The comprehensive evaluations conducted on the proposed circuit consistently demonstrate its robust and reliable performance. While instances of failure emerged under extreme conditions surpassing the network’s noise tolerance, the model exhibits remarkable resilience against minor variations in any parameter or state variable, except for noise added to its connectivity, which emerges as a pivotal network property. These findings underscore the circuit’s potential for stable and accurate functioning in diverse environmental conditions, and they highlight the effectiveness of the connectivity solution obtained through optimisation.

Discussion

Expanding on earlier linear models [35, 44], our study introduces a dynamical synapse firing rate model of angular velocity integration in a locust heading circuit. In contrast to analogous fruit fly models, this novel model exhibits a different compass topography and relies on neuromodulatory, rather than feed-forward, angular velocity inputs.

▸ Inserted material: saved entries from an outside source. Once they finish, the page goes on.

Theorem mainTheorem2 (C : numClosedFieldType) (eps : C) (heps : 0 < eps) :
  let etaE := etaE eps in
  let tp := @t_plus C in let tm := t_minus eps in
  let up := u_plus eps in let um := @u_minus C in
  let vp := v_plus eps in let vm := v_minus eps in
  let lu := l_up eps in let ld := l_dn eps in let l0 := @l_0 C in
  let Z := @opzero C in
  (* the operators preserve the dense domain *)
  (forall A v, is_generator eps A -> fin_supp v -> fin_supp (A v)) /\
  (* commutation relations of g *)
  (opeq (comm up tp) Z /\ opeq (comm up tm) Z /\
   opeq (comm um tp) Z /\ opeq (comm um tm) Z /\
   opeq (comm up vp) Z /\ opeq (comm um vm) Z /\
   opeq (comm tp vp) Z /\ opeq (comm tm vm) Z /\
   opeq (comm lu up) Z /\ opeq (comm lu um) Z /\
   opeq (comm ld tp) Z /\ opeq (comm ld tm) Z /\
   opeq (comm lu ld) Z) /\
  (opeq (comm lu tp) (opscale (- etaE) tp) /\ opeq (comm lu tm) (opscale etaE tm) /\
   opeq (comm ld up) (opscale (- etaE) up) /\ opeq (comm ld um) (opscale etaE um) /\
   opeq (comm up vm) (opscale etaE tm) /\ opeq (comm um vp) (opscale (- etaE) tp) /\
   opeq (comm tp vm) (opscale etaE um) /\ opeq (comm tm vp) (opscale (- etaE) up)) /\
  (opeq (comm lu vp) (opscale (- etaE) vp) /\ opeq (comm lu vm) (opscale etaE vm) /\
   opeq (comm ld vp) (opscale (- etaE) vp) /\ opeq (comm ld vm) (opscale etaE vm) /\
   opeq (comm vp vm) (opscale etaE (opadd lu ld)) /\
   opeq (comm tp tm) (opscale etaE l0) /\ opeq (comm up um) (opscale etaE l0)) /\
  (opeq (comm lu l0) Z /\ opeq (comm ld l0) Z /\
   opeq (comm up l0) Z /\ opeq (comm um l0) Z /\
   opeq (comm vp l0) Z /\ opeq (comm vm l0) Z /\
   opeq (comm tp l0) Z /\ opeq (comm tm l0) Z) /\
  (* irreducibility *)
  irreducible_on_D (is_generator eps) /\
  (* boundary requirements *)
  (lu (@vac C) = @vac C /\ l0 (@vac C) = @vac C /\ ld (@vac C) = @vac C) /\
  (forall v, fin_supp v ->
     vac_coef (lu v) = vac_coef v /\ vac_coef (l0 v) = vac_coef v /\
     vac_coef (ld v) = vac_coef v) /\
  (tp (@vac C) = @vzero C /\ up (@vac C) = @vzero C /\ vp (@vac C) = @vzero C) /\
  (forall v, fin_supp v ->
     vac_coef (tm v) = 0 /\ vac_coef (um v) = 0 /\ vac_coef (vm v) = 0).
Proof.
have eps0 : eps != 0 := lt0r_neq0 heps.
cbv zeta; split; first exact: fin_supp_generator.
do 4 (split; first by repeat split; opeq_coefficientwise).
split; first exact: generators_irreducible (gtr0_real heps) eps0.
split; first by rewrite l_up_vac ?l_dn_vac.
split; first by move=> v _; rewrite vac_coef_l_up ?vac_coef_l_dn.
split; first by rewrite t_plus_vac u_plus_vac v_plus_vac.
by move=> v _; rewrite vac_coef_t_minus vac_coef_u_minus vac_coef_v_minus.
Qed.
Lemma classical_lower (x0 : T) m : m < k -> ~ classical_win e m.
Proof.
move=> ltm [C0 [_ C0_wins]].
have [v offv] := unoccupied_vertex x0 C0 ltm.
have [w _ safe_w] := classical_escape ltm offv.
apply: (robber_evades (Inv := fun C r => forall i, C i \notin r |: nbhd r))
  safe_w (C0_wins w I).
  by move=> C r safe [i Cir]; have := safe i; rewrite Cir setU11.
move=> C r C' safe moveC.
have offr i : C' i != r.
  have := safe i; rewrite !inE negb_or => /andP[Cir rCi].
  by case: (moveC i) => [-> // | CC']; apply: contraNneq rCi => <-; rewrite e_sym.
split; first by case=> i /eqP; apply/negP.
by have [r' rr' safe'] := classical_escape ltm offr; exists r' => //; right.
Qed.

Lemma edge_meets_one_branch E v w1 w2 : is_edge e E -> e v w1 -> e v w2 ->
  E :&: branch v w1 != set0 -> E :&: branch v w2 != set0 -> w1 = w2.
Proof.
case=> a [b [ab ->]] vw1 vw2 /set0Pn[y1 /setIP[Ey1 b1]] /set0Pn[y2 /setIP[Ey2 b2]].
apply: branch_sep vw1 vw2 b1 b2 _.
by move: Ey1 Ey2; rewrite !inE => /orP[]/eqP-> /orP[]/eqP->; rewrite ?eqxx ?ab ?orbT // e_sym ab orbT.
Qed.

Lemma edge_escape m (C : 'I_m -> {set T}) v : (forall i, is_edge e (C i)) ->
  m < k * (k - 1) -> exists2 w, e v w & #|[set i | C i :&: branch v w != set0]| < k - 1.
Proof.
move=> edgeC; apply: light_neighbour => i w1 w2 vw1 vw2.
exact: edge_meets_one_branch (edgeC i) vw1 vw2.
Qed.

(* Each of the [k - 1] edges [r y], [y != u], must be reached in one move by
   its own cop, which therefore already meets the branch of [r] seen from [u]. *)
Lemma edge_not_won m (C C' : 'I_m -> {set T}) r u : e r u ->
    (forall i, exists x, x \in C i /\ x \in C' i) ->
    #|[set i | C i :&: branch u r != set0]| < k - 1 ->
  ~ (forall y, e r y -> exists i, C' i = [set r; y]).
Proof.
move=> ru meet few won.
pose other i := odflt r [pick y in C' i :\ r].
have cover : nbhd r :\ u \subset other @: [set i | C i :&: branch u r != set0].
  apply/subsetP => y; rewrite !inE => /andP[yu ry]; have [i C'i] := won y ry.
  have yr : y != r by apply: contraTneq ry => ->; rewrite (same_side_nonadj erefl).
  apply/imsetP; exists i.
    have [x [xC xC']] := meet i; rewrite inE; apply/set0Pn; exists x.
    by move: xC'; rewrite C'i !inE xC => /orP[]/eqP->; rewrite ?eqxx // yu ry orbT.
  by rewrite /other C'i setU1K ?pick_set1 // inE eq_sym.
have := nbhd_min r; rewrite (cardsD1 u) inE ru -leq_subLR => many.
have := leq_trans (subset_leq_card cover) (leq_imset_card _ _).
by rewrite leqNgt (leq_trans few many).
Qed.

Lemma edge_lower (x0 : T) m : m < k * (k - 1) -> ~ edge_win e m.
Proof.
move=> ltm [C0 [edgeC0 C0_wins]].
have [w x0w few] := edge_escape x0 edgeC0 ltm.
apply: (robber_evades (Inv := fun C r => (forall i, is_edge e (C i)) /\
    exists2 u, e r u & #|[set i | C i :&: branch u r != set0]| < k - 1))
  _ _ (C0_wins w I).
- move=> C r [edgeC [u ru {}few]]; apply: edge_not_won ru _ few => i.
  by have [a [b [_ ->]]] := edgeC i; exists a; rewrite setU11.
- move=> C r C' [edgeC [u ru {}few]] moveC.
  have edgeC' i : is_edge e (C' i) by case: (moveC i) => [-> | []].
  have meet i : exists x, x \in C i /\ x \in C' i.
    case: (moveC i) => [-> | [_ //]].
    by have [a [b [_ ->]]] := edgeC i; exists a; rewrite setU11.
  split; first exact: edge_not_won ru meet few.
  have [r' rr' {}few] := edge_escape r edgeC' ltm.
  by exists r'; [right | split; last exists r; rewrite // e_sym].
- by split; last exists x0; rewrite // e_sym.
Qed.

End GirthSix.
(* Let $(\mathbb X,d,\delta)$ be a uniform dilation structure and $x\in\mathbb X$. Then there are $r>0$ and $\varepsilon_0>0$ such that for all $\varepsilon\in(0,\varepsilon_0]$ and all $u,v\in B^d(x,r)$ the expression $\Sigma^x_\varepsilon(u,v)=\delta^x_{\varepsilon^{-1}}\delta^{\delta^x_\varepsilon u}_\varepsilon v$ is defined and belongs to $U(x)$.
   Context: A quasimetric space $(\mathbb X,d)$ is a topological space $\mathbb X$ with a map $d:\mathbb X\times\mathbb X\to[0,\infty)$ such that: (i) $d(u,v)=0$ iff $u=v$; (ii) $d(u,v)\le c_{\mathbb X}\,d(v,u)$ for a constant $1\le c_{\mathbb X}<\infty$; (iii) $d(u,v)\le Q_{\mathbb X}(d(u,w)+d(w,v))$ for a constant $1\le Q_{\mathbb X}<\infty$; (iv) $d$ is upper semicontinuous in the first argument. The topology of $\mathbb X$ coincides with the one induced by $d$. $B^d(x,r)=\{y: d(y,x)<r\}$, $\bar B^d(x,r)$ its closure; boundedly compact means closed bounded sets are compact. A dilation structure $(\mathbb X,d,\delta)$ is a complete boundedly compact quasimetric space with $d$ continuous in both arguments, satisfying: (A0) For every $x$ and $\varepsilon\in(0,1]$ there are a neighborhood $U(x)$ of $x$ and homeomorphisms $\delta^x_\varepsilon:U(x)\to V_\varepsilon(x)$, $\delta^x_{\varepsilon^{-1}}:W_{\varepsilon^{-1}}(x)\to U(x)$ with $V_\varepsilon(x)\subseteq W_{\varepsilon^{-1}}(x)\subseteq U(x)$; the family is continuous in $\varepsilon$; there is $R>0$ with $\bar B^d(x,R)\subseteq U(x)$ for all $x$, and for all $\varepsilon<1$, $\tilde r>0$ with $\bar B^d(x,\tilde r)\subseteq U(x)$: $B^d(x,\tilde r\varepsilon)\subseteq\delta^x_\varepsilon B^d(x,\tilde r)\subset B^d(x,\tilde r)$. (A1) $\delta^x_\varepsilon x=x$, $\delta^x_1=\mathrm{id}$, $\lim_{\varepsilon\to0}\delta^x_\varepsilon y=x$ for $y\in U(x)$. (A2) $\delta^x_\varepsilon\delta^x_\mu u=\delta^x_{\varepsilon\mu}u$ whenever both sides are defined. (A3) $d^x(u,v)=\lim_{\varepsilon\to0}\frac1\varepsilon d(\delta^x_\varepsilon u,\delta^x_\varepsilon v)$ exists uniformly in $u,v\in\bar B^d(x,R)$. The dilation structure is uniform if the convergence in (A3) is also uniform in $x$ in any compact set. $\Sigma^x_\varepsilon(u,v)$ being defined means $v\in U(\delta^x_\varepsilon u)$ and $\delta^{\delta^x_\varepsilon u}_\varepsilon v\in W_{\varepsilon^{-1}}(x)$. *)

From Stdlib Require Import Reals List.
Open Scope R_scope.
Set Implicit Arguments.

Section QuasiMetric.
Variable X : Type.
Variable d : X -> X -> R.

Our work is situated within the broader context of insect heading circuits, drawing inspiration from models in the fruit fly [2, 32, 62] and other insects [41]. Comparative modeling elucidates adaptations of navigation circuits to species-specific demands, contributing to our broader understanding of adaptive neural circuits. A recent comparative modeling study analysed structural differences between heading circuits in the fruit fly and desert locust [36] but did not account for data suggesting a striking functional difference. Notably, while the fruit fly circuit involves a 2 × 360° compass mapping along the PB, our model assumes a single 360° heading representation. This distinction is implied by physiological data revealing the preferred heading directions of individual CX cells in stationary animals [6, 33, 34, 63]. It remains to be seen whether this fixed 360° topography is preserved during active walking or flight. Our study aims to serve as a proof of concept, exploring whether such a topography can produce a stable compass signal.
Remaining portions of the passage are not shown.